Are financial giants contradicting their own climate pledges?
Report says corporate-level financing by five big firms contributes to oil drilling in the Amazon.
Five large financial firms from the United States and the United Kingdom are bankrolling an oil boom in the western Amazon, says a new report from environmental group Amazon Watch.
According to the data released this week, debt and equity financing from BlackRock, Citi, JPMorgan Chase, HSBC and Goldman Sachs are enabling the development of millions of hectares for oil extraction in Peru, Ecuador and Colombia.
In many cases, these investments run contrary to recent climate pledges from those companies, says Amazon Watch, and could contribute to the environmental collapse of the Amazon region in South America.
Proposed oil drilling in isolated rainforest areas threatens the most biodiverse region in the world, endangers the way of life for indigenous communities and paves the way for more severe climate change.
“Oil drilling is happening in the Amazon, and that is something that not a lot of people know,” said Moira Birss, climate and finance director at Amazon Watch.
She told Al Jazeera that this development is “contributing to the climate crisis, deforesting the precious Amazon rainforest and violating indigenous territorial rights”.
“US and European investment banks are complicit in the environmental destruction,” she added. “All of the five financial institutions we call attention to in our report have recently made climate and sustainability commitments and announcements, but they fall far short of where they need to be.”
Scrutiny of big banks
Essential to mitigating climate change, the Amazon rainforest absorbs about two billion tonnes of carbon dioxide each year – some 5 percent of all global emissions.
As part of the Earth’s natural thermostat, hemispheric weather patterns and temperature regulation are significantly determined by Amazon’s state of equilibrium.

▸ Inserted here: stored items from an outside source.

(* Let $\mathcal S=(s_\alpha)_{\alpha\in L(\omega_1)}$ be a ladder system on $\omega_1$ and let $K_{\mathcal S}=\omega_1\cup\{\infty\}$ be the associated ladder system space. Let $A$ be a nonstationary subset of $L(\omega_1)$ and let $\xi:A\to L(\omega_1)$ be an injective map. Then $\xi$ extends to a continuous map $\phi:K_{\mathcal S}\to K_{\mathcal S}$ such that $\phi(\infty)=\infty$ and $\phi(\alpha)=\infty$ for every $\alpha\in L(\omega_1)\setminus A$.
   Context: $L(\omega_1)$ denotes the set of limit ordinals in $\omega_1$ (the first uncountable ordinal) and $S(\omega_1)=\omega_1\setminus L(\omega_1)$. A ladder system on $\omega_1$ is a family $\mathcal S=(s_\alpha)_{\alpha\in L(\omega_1)}$ where for each limit $\alpha$, $s_\alpha=\{s^n_\alpha:n\in\omega\}$ and $(s^n_\alpha)_{n\in\omega}$ is a strictly increasing sequence in $S(\omega_1)$ converging (in the order sense) to $\alpha$. The ladder system topology $\tau_{\mathcal S}$ on $\omega_1$ is the topology in which every element of $S(\omega_1)$ is isolated and the basic neighborhoods of a limit ordinal $\alpha$ are the sets $\{\alpha\}\cup B$ with $B$ a cofinite subset of $s_\alpha$. This is a locally compact Hausdorff space, and $K_{\mathcal S}=\omega_1\cup\{\infty\}$ is its one-point compactification. A subset of $\omega_1$ is nonstationary if it is disjoint from some closed unbounded subset of $\omega_1$. *)

(* omega_1 is modelled abstractly: any strictly well-ordered,
   uncountable type all of whose proper initial segments are countable
   (this characterizes omega_1 up to order isomorphism). *)
From Stdlib Require Import List.

Record Omega1 : Type := {
  ocarrier :> Type;
  olt : ocarrier -> ocarrier -> Prop;
  olt_irrefl : forall x, ~ olt x x;
  olt_trans : forall x y z, olt x y -> olt y z -> olt x z;
  olt_total : forall x y, olt x y \/ x = y \/ olt y x;
  olt_wf : well_founded olt;
  o_uncountable : ~ exists f : ocarrier -> nat, forall x y, f x = f y -> x = y;
  o_initial_countable : forall a, exists f : ocarrier -> nat,
      forall x y, olt x a -> olt y a -> f x = f y -> x = y
}.

Section Defs.
Variable W : Omega1.
Notation "x < y" := (olt W x y).

Definition ole (x y : W) : Prop := x < y \/ x = y.

Definition is_limit (a : W) : Prop :=
  (exists b, b < a) /\ forall b, b < a -> exists c, b < c /\ c < a.

(* s : W -> nat -> W, where s a n = s^n_a (only meaningful for limit a) *)
Definition ladder_system (s : W -> nat -> W) : Prop :=
  forall a, is_limit a ->
    (forall n, ~ is_limit (s a n)) /\
    (forall n m, (n < m)%nat -> s a n < s a m) /\
    (forall n, s a n < a) /\
    (forall b, b < a -> exists n, b < s a n).

Definition ls_open (s : W -> nat -> W) (U : W -> Prop) : Prop :=
  forall a, is_limit a -> U a -> exists N, forall n, (N <= n)%nat -> U (s a n).

Definition ls_compact (s : W -> nat -> W) (C : W -> Prop) : Prop :=
  forall (I : Type) (U : I -> W -> Prop),
    (forall i, ls_open s (U i)) ->
    (forall x, C x -> exists i, U i x) ->
    exists l : list I, forall x, C x -> exists i, In i l /\ U i x.

(* K_S = omega_1 ∪ {∞}, with None = ∞; open sets of the one-point
   compactification: open sets of omega_1, and sets containing ∞ whose
   trace on omega_1 is open with compact complement. *)
Definition K_open (s : W -> nat -> W) (V : option W -> Prop) : Prop :=
  ls_open s (fun x => V (Some x)) /\
  (V None -> ls_compact s (fun x => ~ V (Some x))).

Definition K_continuous (s : W -> nat -> W) (phi : option W -> option W) : Prop :=
  forall V, K_open s V -> K_open s (fun x => V (phi x)).

Definition club (C : W -> Prop) : Prop :=
  (forall a, exists c, C c /\ ole a c) /\
  (forall a, is_limit a -> (forall b, b < a -> exists c, C c /\ b < c /\ c < a) -> C a).

Definition nonstationary (A : W -> Prop) : Prop :=
  exists C, club C /\ forall x, C x -> ~ A x.

End Defs.

From Stdlib Require Import List Arith Lia Classical ClassicalEpsilon.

The ancestral indigenous lands of the western Amazon sit above oil and gas deposits, whose extraction causes climate woes and presents a financial risk for those firms funding the drilling.
The report from Amazon Watch details how, in the past three years, these five firms have provided tens of billions of dollars in debt and equity financing to four oil companies that operate in the Amazon: Amerisur, GeoPark, Frontera Energy and Andes Petroleum.
Asset Manager BlackRock received praise for a recent commitment to “fundamentally reshape finance to deal with climate change” as it pledged to reduce investments in coal companies and minimise agribusiness contributions to deforestation. But according to the report, BlackRock has $2.5bn worth of stocks and bonds in GeoPark, Frontera Energy and Andes Petroleum.
It also found that Citi contributed $827m in debt financing for the expansion of Amazon crude oil operations by those same three energy firms.
JPMorgan Chase recently imposed fresh restrictions on underwriting Arctic oil and gas. But Amazon Watch research revealed that – as of the end of 2019 – the company held $401m of stocks and bonds in Geopark, Frontera Energy and Andes Petroleum. It contributed an additional $490m in debt financing for crude operations in the Amazon.
HSBC held $595m of stocks and bonds in GeoPark and Andes Petroleum and over the last three years provided $648m in debt financing for oil activity in the Amazon. HSBC’s total contribution to Amazon crude extraction was $1.24bn.
Since 2017, Goldman Sachs has contributed $998m in debt financing for Andes Petroleum and GeoPark, and its holdings of stocks and bonds for the two companies brought total financing of Amazon crude to well above $1bn, the report found.
‘Corporate-level financing’
While many of these financial firms have expressed bold commitments towards environmental and social goals, Amazon Watch says they need to do much more to clean up their records.
Along with a coalition of other organisations, Amazon Watch is singling out these companies with a Stop the Money Pipeline campaign – demanding a significant shift in the financing of fossil fuel extraction and deforestation.
“The primary reason much of the western Amazon region remains largely free of industrial extraction,” the report said, “is due to the successful efforts of indigenous peoples to protect and defend their territories.”
“We initially had been focused on project-level financing: loans for a specific project,” said Birss of Amazon Watch.
“This missed the whole picture, because corporate-level financing allows an oil company to expand operations, particularly for some of the more controversial, risky or difficult projects,” she added.
“Fossil fuel stocks are in decline,” Birss said, referring to the recent oil plunge and lack of petroleum profitability over the long term. “But the explanation isn’t as simple as whether a [individual] stock is performing well.”